Previous binding studies of DNA labeling agents have used relatively high concentrations (i.e., in the μM range) of bound intercalator and in non-equilibrium conditions (e.g., electrophoresis gels), concealing perhaps important details of the binding mechanism. Here, by employing low concentrations of SYTOX green, we show the existence of positive cooperativity in its binding to DNA. Positive cooperativity has been previously observed for several DNA intercalating binding drugs (e.g., m-AMSA, actinomycin, anthracenedione (Elmore et al. 1988). Additionally, by employing molecular dynamics simulations including entropic effects, Trieb et al. (2004) showed that the Gibbs free energy necessary to form a single intercalation site in DNA by a monointercalator is 32.3 kcal/mol, whereas for the formation of two sites it is 54.4 kcal/mol, indicating that the formation of a DNA cavity costs less energy, if a second intercalator joins the first. The absence of the molecular structure of SYTOX green makes it difficult to speculate on the physicochemical properties that dictate the cooperativity mechanism (e.g., stabilizing charge distribution between base pairs).

Conclusions

Single-molecule microscopy methods allow obtaining mechanistic insight of protein–DNA interactions that cannot be normally observed by ensemble methods.

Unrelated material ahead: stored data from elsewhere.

(* Let $\mathcal A$ be a well-structured abstract domain, and let monotone abstract operators $\llbracket e\rrbracket^\#:\mathcal A\to\mathcal A$ be given for each basic command $e$, extended inductively to all programs as described in the context. (1) If $\llbracket e\rrbracket^\#$ is a sound abstraction of $\llbracket e\rrbracket$ for every basic command $e$, then $\llbracket S\rrbracket^\#$ is a sound abstraction of $\llbracket S\rrbracket$ for every program $S$. (2) If $\llbracket e\rrbracket^\#$ is a complete abstraction of $\llbracket e\rrbracket$ for every basic command $e$, then $\llbracket S\rrbracket^\#$ is a complete abstraction of $\llbracket S\rrbracket$ for every program $S$.
   Context: Fix a finite set $V$ of quantum variables, each a qubit with state space $\mathcal H_q\cong\mathbb C^2$; for $W\subseteq V$, $\mathcal H_W=\bigotimes_{q\in W}\mathcal H_q$. Operators and subspaces on $\mathcal H_W$ are identified with their cylindrical extensions to $\mathcal H_V$, and a subspace is identified with its orthogonal projector; $P^\perp$ is the orthocomplement. $\mathcal D(\mathcal H_V)$ is the set of partial density operators (positive, trace $\le1$). Programs: $S::=\mathbf{skip}\mid \bar q:=|0\rangle\mid \bar q\mathrel{*{=}}U\mid \mathbf{assert}\ P[\bar q]\mid S_0;S_1\mid \mathbf{if}\ P[\bar q]\ \mathbf{then}\ S_1\ \mathbf{else}\ S_0\ \mathbf{end}\mid\mathbf{while}\ P[\bar q]\ \mathbf{do}\ S\ \mathbf{end}$, with $\bar q=q_1,\dots,q_t$ distinct variables, $U$ unitary on $\mathcal H_{\bar q}$, $P$ a subspace of $\mathcal H_{\bar q}$; the first four forms are the basic commands. Semantics $\llbracket S\rrbracket:\mathcal D(\mathcal H_V)\to\mathcal D(\mathcal H_V)$: $\llbracket\mathbf{skip}\rrbracket(\rho)=\rho$; $\llbracket\bar q:=|0\rangle\rrbracket(\rho)=\sum_{i=0}^{2^t-1}|0\rangle_{\bar q}\langle i|\rho|i\rangle_{\bar q}\langle0|$; $\llbracket\bar q\mathrel{*{=}}U\rrbracket(\rho)=U\rho U^\dagger$; $\llbracket\mathbf{assert}\ P[\bar q]\rrbracket(\rho)=P\rho P$; $\llbracket S_0;S_1\rrbracket=\llbracket S_1\rrbracket\circ\llbracket S_0\rrbracket$; $\llbracket\mathbf{if}\ P[\bar q]\ \mathbf{then}\ S_1\ \mathbf{else}\ S_0\ \mathbf{end}\rrbracket(\rho)=\llbracket\mathbf{assert}\ P[\bar q];S_1\rrbracket(\rho)+\llbracket\mathbf{assert}\ P^\perp[\bar q];S_0\rrbracket(\rho)$; $\llbracket\mathbf{while}\ P[\bar q]\ \mathbf{do}\ S\ \mathbf{end}\rrbracket(\rho)=\sum_{i\ge0}\llbracket(\mathbf{assert}\ P[\bar q];S)^i;\mathbf{assert}\ P^\perp[\bar q]\rrbracket(\rho)$, where $T^i$ is $i$-fold sequential composition ($T^0=\mathbf{skip}$). The concrete domain is $\mathcal Q=2^{\mathcal D(\mathcal H_V)}$ ordered by inclusion, and $\llbracket S\rrbracket(R)=\{\llbracket S\rrbracket(\rho):\rho\in R\}$. A pair of monotone maps $(\alpha,\gamma)$ between posets is a Galois connection if $c\le\gamma(a)\iff\alpha(c)\le a$, and a Galois embedding if moreover $\alpha\circ\gamma=\mathrm{id}$. A complete lattice $(\mathcal A,\le_{\mathcal A},\vee,\wedge,\bot,\top)$ with monotone $\alpha:\mathcal Q\to\mathcal A$, $\gamma:\mathcal A\to\mathcal Q$ is a well-structured abstract domain if (a) $(\alpha,\gamma)$ is a Galois embedding, and (b) for any family $\rho_i\in\mathcal D(\mathcal H_V)$ and reals $x_i>0$ with $\sum_i x_i\rho_i\in\mathcal D(\mathcal H_V)$, $\alpha(\sum_i x_i\rho_i)=\bigvee_i\alpha(\rho_i)$, where $\alpha(\rho)=\alpha(\{\rho\})$. For $f:\mathcal Q\to\mathcal Q$, an operator $f^\#:\mathcal A\to\mathcal A$ is a sound abstraction of $f$ if $\alpha(f(R))\le_{\mathcal A}f^\#(\alpha(R))$ for all $R\in\mathcal Q$, and a complete abstraction if equality holds for all $R$. Given monotone $\llbracket e\rrbracket^\#$ for basic commands $e$, the operators $\llbracket S\rrbracket^\#$ for composite programs are defined inductively: $\llbracket S_0;S_1\rrbracket^\#=\llbracket S_1\rrbracket^\#\circ\llbracket S_0\rrbracket^\#$; $\llbracket\mathbf{if}\ P[\bar q]\ \mathbf{then}\ S_1\ \mathbf{else}\ S_0\ \mathbf{end}\rrbracket^\#(a)=\llbracket\mathbf{assert}\ P[\bar q];S_1\rrbracket^\#(a)\vee\llbracket\mathbf{assert}\ P^\perp[\bar q];S_0\rrbracket^\#(a)$; $\llbracket\mathbf{while}\ P[\bar q]\ \mathbf{do}\ S\ \mathbf{end}\rrbracket^\#(a)=\bigvee_{i\ge0}\llbracket(\mathbf{assert}\ P[\bar q];S)^i;\mathbf{assert}\ P^\perp[\bar q]\rrbracket^\#(a)$. *)

From mathcomp Require Import all_boot all_order all_algebra.
From mathcomp Require Import all_classical all_reals all_analysis.
From mathcomp Require Import complex.
Import numFieldNormedType.Exports.
Import Order.TTheory GRing.Theory Num.Theory.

These approaches require, in most cases, direct labeling of DNA and proteins with fluorescent compounds that may affect DNA structure and mechanical properties, enzymes activities, and introduce light-induced damage to the biomolecules of interest. Finding new fluorescent compounds that allow optimal imaging conditions while introducing minimal perturbations to the system under study is of outmost importance.

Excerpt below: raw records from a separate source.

(* \[ \lim_{M\to\infty}\ \lim_{k\to\infty}\ \sum_{i=M}^{k-M}\Pr[BINGO(i,k-i)]=0, \] where for each fixed $M$ the inner limit exists.
   Context: Fix $\alpha>1$. Let $(X_k,Y_k)_{k\ge2}$ be the Markov chain on $\mathbb N\times\mathbb N$ with $(X_2,Y_2)=(1,1)$ and, from state $(i,j)$, moving to $(i+1,j)$ with probability $i^\alpha/(i^\alpha+j^\alpha)$ and to $(i,j+1)$ with probability $j^\alpha/(i^\alpha+j^\alpha)$. $BINGO(i,j)$ is the event that the chain visits the state $(i,j)$. *)

From Stdlib Require Import Reals List Arith.
Import ListNotations.
Open Scope R_scope.

(* n^alpha for a natural number n >= 1 (0 for n = 0; never used at n = 0
   with nonzero weight). *)
Definition npow (alpha : R) (n : nat) : R :=
  match n with 0%nat => 0 | _ => Rpower (INR n) alpha end.

Definition p_right (alpha : R) (i j : nat) : R :=
  npow alpha i / (npow alpha i + npow alpha j).
Definition p_up (alpha : R) (i j : nat) : R :=
  npow alpha j / (npow alpha i + npow alpha j).

(* law alpha t i = Pr[X_{t+2} = i] (then Y_{t+2} = t + 2 - i), computed by the
   forward (Chapman-Kolmogorov) recursion of the chain started at (1,1). *)
Fixpoint law (alpha : R) (t : nat) (i : nat) : R :=
  match t with
  | 0%nat => if Nat.eqb i 1 then 1 else 0
  | S t' =>
      (match i with
       | 0%nat => 0
       | S i' => law alpha t' i' * p_right alpha i' (t' + 2 - i')
       end)
      + law alpha t' i * p_up alpha i (t' + 2 - i)
  end.

(* Pr[BINGO(i,j)]: since X_k + Y_k = k, the chain visits (i,j) iff
   (X_{i+j}, Y_{i+j}) = (i,j). States with a zero coordinate are never visited. *)
Definition bingo (alpha : R) (i j : nat) : R :=
  match i, j with
  | 0%nat, _ => 0
  | _, 0%nat => 0
  | _, _ => law alpha (i + j - 2) i
  end.

Definition range_sum (f : nat -> R) (a b : nat) : R :=
  fold_right Rplus 0 (map f (seq a (S b - a))).

(* For [y > 0] the complex product
     Z(i,j) = prod_(m<i) (1 - I y m^-alpha) * prod_(m<j) (1 + I y m^-alpha)
   is a martingale of the chain, so E[Re Z(X_k, Y_k)] = 1.  Multiplying Z(i,j) by the missing
   factors Zrest(i,j) gives the real number Q_(i+j) = prod_(m<i+j) (1 + y^2 m^-2alpha) >= 1 + y^2.
   Since sum m^-alpha converges, Zrest is close to 1 when min(i,j) >= M, so there Re Z is close
   to Q_k; in general Re Z >= -Q_k, and Re Z >= -Q_k C/y with C = sum_(m<m0) m^alpha when
   min(i,j) < m0.  Comparing indicators with Re Z / Q_k yields
     (2 - delta_M) p_M <= p_m0 + C/y + 1/(1 + y^2)
   for p_M = lim_k Pr[min(X_k, Y_k) >= M], the inner limit of the theorem.  Choosing m0 near
   the limit of the decreasing sequence p, then y large, then M large, forces that limit to 0. *)

From Stdlib Require Import Reals Lra Lia.
From Coquelicot Require Import Complex.
Open Scope R_scope.

Fixpoint sumn (g : nat -> R) (n : nat) : R :=
  match n with 0%nat => 0 | S n' => sumn g n' + g n' end.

In this work, we studied a fluorescent dye, SYTOX green, which allows for a significant simplification and shortening of the DNA staining protocol, including in situ labeling, while improving imaging conditions without affecting DNA mechanical properties. Specifically, we determine that SYTOX green: (1) binds DNA rapidly in a process that involves electrostatic interactions; (2) has a good signal-to-noise ratio, even at low concentrations, (3) shows a low photobleaching rate; (4) induces fourfold lower light-induced DNA degradation than that observed for bis-intercalators, such as YOYO-1; and (5) binds DNA by intercalating cooperatively with a 3.5-bp binding site size, and an increase in DNA length upon binding of 43 %.

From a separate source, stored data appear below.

Lemma po_semi_group : is_group (po_semi Q K nab j).
Proof.
  unfold is_group. split_and.
  - intros [] [] []. rewrite !po_semi_mulE. simpl. rewrite (mulgA GQ), (mulgA GK'). reflexivity.
  - intros []. rewrite !po_semi_mulE. simpl. rewrite (mul1g GQ), (mul1g GK'). reflexivity.
  - intros []. rewrite !po_semi_mulE. simpl. rewrite (mulg1 GQ), (mulg1 GK'). reflexivity.
  - intros []. rewrite po_semi_mulE, po_semi_invE. simpl.
    rewrite (mulVg GQ), (mulVg GK'). reflexivity.
  - intros []. rewrite po_semi_mulE, po_semi_invE. simpl.
    rewrite (mulgV GQ), (mulgV GK'). reflexivity.
Qed.

Lemma po_N1 : NN gone.
Proof.
  exists gone. rewrite (hom_one GQ' GQ _ bd_hom), (invg1 GQ), (hom_one GQ' GK' _ nab_hom).
  reflexivity.
Qed.

Lemma po_NM x y : NN x -> NN y -> NN (gmul x y).
Proof.
  intros [u ->] [v ->]. exists (gmul v u). rewrite po_semi_mulE. simpl.
  rewrite bd_hom, nab_hom, (invMg GQ), (rcc_abelian HK (S j) ltac:(lia) (nab (S j) v)).
  reflexivity.
Qed.

Lemma po_NV x : NN x -> NN (ginv x).
Proof.
  intros [u ->]. exists (ginv u). rewrite po_semi_invE. simpl.
  rewrite (hom_inv GQ' GQ _ bd_hom), (hom_inv GQ' GK' _ nab_hom). reflexivity.
Qed.

(* Boundaries of Q_n are central in Q_(n-1) and K_n is abelian. *)
Lemma po_Nconj g x : NN x -> NN (gmul (gmul g x) (ginv g)).
Proof.
  intros [u ->]. exists u. rewrite !po_semi_mulE, po_semi_invE. simpl.
  rewrite <- (hom_inv GQ' GQ _ bd_hom), <- (rcc_bd_central HQ j ltac:(lia) (ginv u) (fst g)).
  rewrite <- (mulgA GQ), (mulgV GQ), (mulg1 GQ).
  rewrite (rcc_abelian HK (S j) ltac:(lia) (snd g) (nab (S j) u)).
  rewrite <- (mulgA GK'), (mulgV GK'), (mulg1 GK'). reflexivity.
Qed.

Lemma po_P_group : is_group (po_P Q K nab j).
Proof. exact (quotGrp_group po_semi_group NN po_N1 po_NM po_NV po_Nconj). Qed.

Lemma po_P_mul a c a' c' :
  gmul (r := po_P Q K nab j) (qclass NN (a, c)) (qclass NN (a', c')) =
  qclass NN (gmul a a', gmul c c').
Proof.
  unfold po_P. rewrite (qmul_qclass po_semi_group NN po_N1 po_NM po_NV po_Nconj), po_semi_mulE.
  reflexivity.
Qed.

Lemma po_P_inv a c :
  ginv (r := po_P Q K nab j) (qclass NN (a, c)) = qclass NN (ginv a, ginv c).
Proof.
  unfold po_P. rewrite (qinv_qclass po_semi_group NN po_N1 po_NM po_NV po_Nconj), po_semi_invE.
  reflexivity.
Qed.

Lemma qrep_po_P a c : exists x,
  qrep (qclass NN (a, c)) = (gmul a (ginv (bd Q j x)), gmul c (nab (S j) x)).
Proof.
  destruct (qrep_qclass po_semi_group NN po_N1 (a, c)) as [m [[x ->] E]].
  exists x. rewrite E, po_semi_mulE. reflexivity.
Qed.

Lemma po_P_shift a c x :
  qclass NN (gmul a (ginv (bd Q j x)), gmul c (nab (S j) x)) = qclass NN (a, c).
Proof.
  symmetry. apply (qclass_eq po_semi_group NN po_NM po_NV).
  rewrite po_semi_mulE, po_semi_invE. simpl. rewrite (mulKg GQ), (mulKg GK'). exists x.
  reflexivity.
Qed.

Lemma po_P_eq_inv a c a' c' : qclass NN (a, c) = qclass NN (a', c') ->
  exists x, a' = gmul a (ginv (bd Q j x)) /\ c' = gmul c (nab (S j) x).
Proof.
  intro E. apply (qclass_eq_rel po_semi_group NN po_N1) in E.
  rewrite po_semi_mulE, po_semi_invE in E. simpl in E. destruct E as [x E].
  injection E as E1 E2. exists x. split.
  - rewrite <- E1, (mulKVg GQ). reflexivity.
  - rewrite <- E2, (mulKVg GK'). reflexivity.
Qed.

Lemma po_P_trivial c : qclass NN (gone, c) = @gone (po_P Q K nab j) ->
  exists x, bd Q j x = gone /\ c = nab (S j) x.
Proof.
  intro E. symmetry in E. apply po_P_eq_inv in E as (x & E1 & E2).
  exists x. rewrite (mul1g GQ) in E1. rewrite (mul1g GK') in E2. split; [|exact E2].
  rewrite <- (invgK GQ (bd Q j x)), <- E1. apply (invg1 GQ).
Qed.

Our results suggest that SYTOX green represents a valuable alternative to conventional fluorophores employed for single-molecule imaging. The rapid binding kinetics, high photo-stability, low DNA-damaging rates, and mild effect over the mechanical properties of DNA make SYTOX green a rather appealing and advantageous choice for single-molecule and single-cell microscopy and other methods requiring sensitive detection and low perturbation of DNA. Our characterization of the photo-damage and mechanical properties of SYTOX green-complexed DNA will be of use for the interpretation of single-molecule experiments using SYTOX green as an intercalating dye. Further studies should confirm if the advantages we found for SYTOX green could be extrapolated to other molecules of the SYTOX family spanning the visible spectrum.